Nigerian Bond Yield Falls to 16.28% after Coupon Payment
The average yield on Nigerian government bonds dropped to 16.28% in the secondary market as asset managers and other risk-averse investor groups continue to increase bets on the fixed interest securities.
Disinflation and lower supply have tightened yields on the Federal Government of Nigeria (FGN) in the secondary market. Real return remains hefty at 5.28% as Nigeria’s inflation rate dropped to 22.22% while the interest rate benchmark stayed elevated at 27.50%.
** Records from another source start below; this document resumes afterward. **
Lemma corrected_alpha_cocycle (t : {ffun 'I_m.+2 -> 'I_k}) x :
  (forall j, oball (t j) x) -> cobd corrected_alpha t = 0.
Proof.
move=> ht; rewrite cobdB cobd_cobd subr0 !cobd_pull.
apply: alpha_cocycle; exists x; split => // j; rewrite !ffunE.
by apply: p_refines; apply: cball_sub; apply: oball_cball.
Qed.

Lemma corrected_alpha_meets_AB (u : {ffun 'I_m.+1 -> 'I_k}) :
  meets_AB u -> corrected_alpha u = 0.
Proof.
move=> [y [Ay [By hu]]]; rewrite /corrected_alpha cobd_pull -alpha_AB.
  exact: subrr.
by exists y; split => // j; rewrite ffunE; exact: cball_sub (hu j).
Qed.

Lemma corrected_alpha_off_bad_set (u : {ffun 'I_m.+1 -> 'I_k}) x :
  A x -> ~ bad_set x -> (forall j, cball (u j) x) -> corrected_alpha u = 0.
Proof.
move=> Ax nbad hu; apply: corrected_alpha_meets_AB; apply: NNPP => nmeet.
by apply: nbad; split=> //; exists u.
Qed.

Definition ext_cochain (s : {ffun 'I_m.+1 -> 'I_(k + k)}) : G :=
  if sheet (s ord0) then corrected_alpha [ffun j => base (s j)] else 0.

Lemma ext_cochain_cocycle :
  is_cocycle (fun x => A x \/ B x) (fc_set ext_cover) ext_cochain.
Proof.
move=> s [x [ABx hs]]; rewrite cobd_cutoff /=.
set t := [ffun j => base (s j)].
have ht j : oball (t j) x by rewrite ffunE; case: (hs j).
rewrite (corrected_alpha_cocycle ht) sub0r.
(* A face whose first two vertices lie in different sheets lives off B and off
   [bad_set], i.e. in A away from [bad_set]. *)
have mixed : ~ B x -> ~ bad_set x -> corrected_alpha (face ord0 t) = 0.
  move=> nBx nbad; apply: (corrected_alpha_off_bad_set _ nbad) => [|j].
    by case: ABx.
  by rewrite /face ffunE; apply/oball_cball/ht.
have [_ h1] := hs (lift ord0 ord0); have [_ h0] := hs ord0.
case: (sheet (s (lift ord0 ord0))) h1; case: (sheet (s ord0)) h0 => /= h0 h1.
- by rewrite addrN.
- by rewrite addr0 mixed.
- by rewrite add0r mixed ?oppr0.
- by rewrite addr0.
Qed.

Lemma ext_cochain_B (s : {ffun 'I_m.+1 -> 'I_(k + k)}) :
  is_simplex B (fc_set ext_cover) s -> ext_cochain s = 0.
Proof.
by move=> [x [Bx hs]]; rewrite /ext_cochain; have [_] := hs ord0; case: sheet.
Qed.

Lemma ext_cochain_A (s : {ffun 'I_m.+1 -> 'I_(k + k)}) x :
  A x -> (forall j, ext_set (s j) x) ->
  ext_cochain s = corrected_alpha [ffun j => base (s j)].
Proof.
move=> Ax hs; rewrite /ext_cochain; have [_] := hs ord0; case: sheet => // nbad.
rewrite (corrected_alpha_off_bad_set Ax nbad) // => j.
by rewrite ffunE; apply: oball_cball; case: (hs j).
Qed.

Lemma ext_cochain_restricts_to_zero_A :
  restricts_to_zero A ext_cover ext_cochain -> restricts_to_zero A U alpha.
Proof.
move=> [W [p2 [hp2 [e he]]]].
pose P i := p (q (base (p2 i))).
exists W, P; split.
  move=> i x /hp2 [hx _]; exact/p_refines/cball_sub/oball_cball.
exists (fun v => pull (fun i => base (p2 i)) (pull q b) v + e v) => s hs.
rewrite cobdD cobd_pull -he //; case: hs => x [Ax hs].
set u := [ffun j => base (p2 (s j))].
rewrite /pull (@ext_cochain_A _ x Ax) => [|j]; last by rewrite ffunE; apply: hp2.
have -> : [ffun j => base ([ffun j0 => p2 (s j0)] j)] = u.
  by apply/ffunP => j; rewrite !ffunE.
rewrite /corrected_alpha /pull addrC subrK; congr alpha.
by apply/ffunP => j; rewrite !ffunE.
Qed.

End Extension.

Lemma extension_vanishing_on_B (G : zmodType) (X : Type) (d : X -> X -> R)
  (hd : is_metric d) (hc : is_compact d) m (U : fcover d)
  (alpha : cochain G (fc_n U) m.+1)
  (halpha : is_cocycle (fun _ => True) (fc_set U) alpha)
  (A B : X -> Prop) (a : X) (hA : is_closed d A) (hB : is_closed d B) :
  restricts_to_zero (fun x => A x /\ B x) U alpha ->
  exists (W : fcover d) (beta : cochain G (fc_n W) m.+1),
    [/\ is_cocycle (fun x => A x \/ B x) (fc_set W) beta,
        restricts_to_zero B W beta &
        restricts_to_zero A W beta -> restricts_to_zero A U alpha].
Proof.
move=> [V0 [p [hp [b hb]]]].
have [k [c [r [q [hq hcov]]]]] := ball_refinement hd hc V0 a.
exists (ext_cover hd m hA hB hcov), (ext_cochain alpha p b q); split.
- exact: ext_cochain_cocycle.
- apply: restricts_to_zero_vanishing; exact: ext_cochain_B.
- exact: ext_cochain_restricts_to_zero_A.
Qed.

Lemma dg_nonneg n : (0 <= n)%Z -> dg n = (Z.to_nat n).+1.
Proof. by rewrite /dg; lia. Qed.
From mathcomp Require Import all_boot all_order all_algebra.
From mathcomp Require Import zify cyclic.
From Stdlib Require Import FunctionalExtensionality ClassicalEpsilon.
Set Implicit Arguments. Unset Strict Implicit. Unset Printing Implicit Defensive.
Import Order.TTheory GRing.Theory Num.Theory.

(* Everything happens one prime at a time.  On Q_p = Z_p[1/p] the valuation
   v_p is multiplicative, and two p-adic numbers of the same valuation differ
   by a unit of Z_p: an element of Z_p of valuation V is p^V times an element
   with nonzero residue mod p, and such an element is invertible, its inverse
   mod p^n being given by Euler's theorem.  So v_p identifies Q_p / Z_p^x with
   Z u {oo}, and over all primes A_f / Zhat^x becomes the monoid of divisors,
   integrality almost everywhere matching effectivity almost everywhere.
   Multiplying by q in Q^x shifts divisors by div(q), so Q^x-orbits of adeles
   match linear equivalence classes; for injectivity the local units are
   chosen prime by prime. *)

Lemma modz_dvdm (m n d : int) : (d %| m)%Z -> modz (modz n m) d = modz n d.
Proof. by move=> /dvdzP [c ->]; rewrite [in RHS](divz_eq n (c * d)%R) mulrA modzMDl. Qed.

Lemma modn_inv_uniq d a r r' :
  a * r = 1 %[mod d] -> a * r' = 1 %[mod d] -> r = r' %[mod d].
Proof.
move=> ar ar'.
by rewrite -[r]muln1 -modnMmr -ar' modnMmr mulnA -modnMml (mulnC r) ar modnMml mul1n.
Qed.

Lemma zinf_add0 x : zinf_add x (Fin 0) = x.
Proof. by case: x => //= i; rewrite addr0. Qed.

Lemma zinf_shiftE x y (k l : int) :
  x = zinf_add y (Fin (- (k - l))) <-> zinf_add (Fin l) y = zinf_add (Fin k) x.
Proof. by case: x y => [i|] [j|] //=; split=> // -[] ij; congr Fin; lia. Qed.

Section Padic.

Variable p : nat.
Hypothesis p_prime : prime p.

Lemma expp_gt0 n : 0 < p ^ n.
Proof. by rewrite expn_gt0 prime_gt0. Qed.

Lemma zp_of_intE m n : Posz (zp_of_int p m n) = modz m (p ^ n)%N.
Proof. by rewrite /zp_of_int gez0_abs // modz_ge0 // eqz_nat -lt0n expp_gt0. Qed.

Lemma zp_of_natE (k : nat) n : zp_of_int p k n = k %% p ^ n.
Proof. by apply/eqP; rewrite -eqz_nat zp_of_intE modz_nat. Qed.

Lemma zp_oneE n : zp_one p n = 1 %% p ^ n.
Proof. exact: zp_of_natE. Qed.

Lemma is_zp_of_int m : is_zp p (zp_of_int p m).
Proof.
split=> n; first by rewrite -ltz_nat zp_of_intE ltz_pmod // ltz_nat expp_gt0.
apply/eqP; rewrite -eqz_nat -modz_nat !zp_of_intE modz_dvdm //.
exact: dvdn_exp2l (leqnSn n).
Qed.

Lemma is_zp_one : is_zp p (zp_one p).
Proof. exact: is_zp_of_int. Qed.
Inflation is projected to decline throughout the second half, supported by the consumer price index rebased figure. Meanwhile, there is mixed expectation about interest rate cuts. Analysts said monetary policy loosening could trigger capital reversal.
The average yield across the short, belly, and long end of the curve has maintained a downtrend as the Debt Office seeks to reduce government borrowing costs. A slew of analysts projected that yields on the naira asset will continue to decline due to sustained buying interest by local banks and pension asset managers.
The Nigerian government bond yield has maintained a downward trend in the secondary market as investors locked in yield in anticipation of monetary easing. In its market note, analysts at Cordros Securities Limited hinted that institutional investors seeking to reinvest their coupon payments in the secondary market drove momentum in the secondary market.
FGN bond coupon payments totalling N284.73 billion boosted liquidity conditions in the financial system, settling at over N1.35 trillion, according to AIICO Capital Limited. Accordingly, the average yield on the local bonds declined by 29 bps to 16.28% as investors bet on the naira asset amidst declining returns.
Across the benchmark curve, the average yield decreased at the short (-35 bps), mid (-43 bps), and long (-17 bps) segments, Cordros Securities Limited said in its commentary note. The yield contraction was driven by heightened demand for Nigerian bonds maturing in APR-2029, whose yield eased by 48 bps. Buying interest in local bonds maturing in APR-2032, losing 69 bps from its yields.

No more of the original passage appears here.